3 декабря 1947 года истек мой десятилетний срок заключения, На материк, конечно, не отпустили. Да и куда было сразу ехать после такой вынужденной разлуки? Я заключил договор по вольному найму и продолжал работать в «Сеймчане», ставя разнообразные опыты. Наряду с удачами были и срывы. Так, в сырой и холодный 1950 год, неблагоприятный для созревания семенников, мы собрали всего лишь десять килограммов. В 1951 году продолжали изучать возможности получения местных семян моркови, свеклы, укропа и лука-батуна. Вскоре удалось вырастить хороший урожай однолетних семян турнепса. В 1954 году из полученных 850 килограммов семян скороспелого урожайного турнепса около 700 килограммов поступило в продажу, что позволило засеять сотни гектаров посевных площадей совсем недавно образованной Магаданской области.

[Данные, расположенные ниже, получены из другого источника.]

(* Let $G$ be a quiver without multiple connections with $n \geq 1$ vertices, let $\lambda_1 \leq \cdots \leq \lambda_n$ be the eigenvalues of its Kirchhoff matrix $K$ (with multiplicity), and let $d_1 \leq \cdots \leq d_n$ be its vertex degrees in increasing order. Then $\lambda_k \geq d_k - (n-k)$ for all $1 \leq k \leq n$.
   Context: A quiver $G=(V,E)$ consists of a finite vertex set $V=\{1,\dots,n\}$ and a finite list (multiset) $E$ of pairs $(v,w)\in V\times V$; repeated edges and self-loops $(v,v)$ are allowed, and orientation of edges is irrelevant. ''Without multiple connections'' means that for any two distinct vertices $i\neq j$ there is at most one entry of $E$ equal to $(i,j)$ or $(j,i)$; any number of loops at a vertex is still allowed. The adjacency matrix $A$ is the symmetric $n\times n$ matrix with zero diagonal whose entry $A_{ij}$ ($i\neq j$) is the number of entries of $E$ equal to $(i,j)$ or $(j,i)$. The degree $d(i)$ of vertex $i$ is the number of entries $(v,w)$ of $E$ (counted with multiplicity) with $v=i$ or $w=i$; a loop at $i$ contributes $1$. $B$ is the diagonal degree matrix and the Kirchhoff matrix is $K=B-A$. *)

From HB Require Import structures.
From mathcomp Require Import all_boot all_order all_algebra.
From mathcomp Require Import reals.
Set Implicit Arguments. Unset Strict Implicit. Unset Printing Implicit Defensive.
Import Order.TTheory GRing.Theory Num.Theory.
Local Open Scope ring_scope.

По результатам опытной работы я стал участником Всесоюзной сельскохозяйственной выставки 1955 года. В Магаданском областном книжном издательстве тогда же вышла моя брошюра «Семеноводство овощей и корнеплодов в совхозе «Сеймчан». Бывая в Магадане, я встречался со своими товарищами-агрономами, которых, как и меня, не баловала судьба, «наградив» заключением в лагерях Колымы. Среди них хотелось бы назвать Владимира Онуфриевича Шадынского, Владимира Ивановича Горазеева, Константина Георгиевича Шульмейстера, до сих пор работающего в Волгограде. Теплые, товарищеские встречи с ними не забыть никогда!
В 1956 году я получил постановление Краснодарского областного суда о своей полной реабилитации. Что было делать дальше? «Вооруженный» соответствующими документами и дальстроевской путевкой на Кавказ, я вылетел в отпуск. Побывав еще на Украине, я вернулся назад. Жена и маленький сын все это время оставались на Колыме, что было связано с нашим решением о продолжении моей работы в «Сеймчане». Однако после возвращения
из отпуска в 1957 году я узнал, что Магаданское областное управление сельского хозяйства решило свернуть в этом хозяйстве наши работы по семеноводству. Предлагалось передать их в более мягкую в климатическом отношении зону Охотского побережья, уделив особое внимание выращиванию картофеля. Так я оказался вместе с семьей в совхозе «Тауйск» (ныне «Тауискии») и только в 1960 году окончательно вернулся на материк.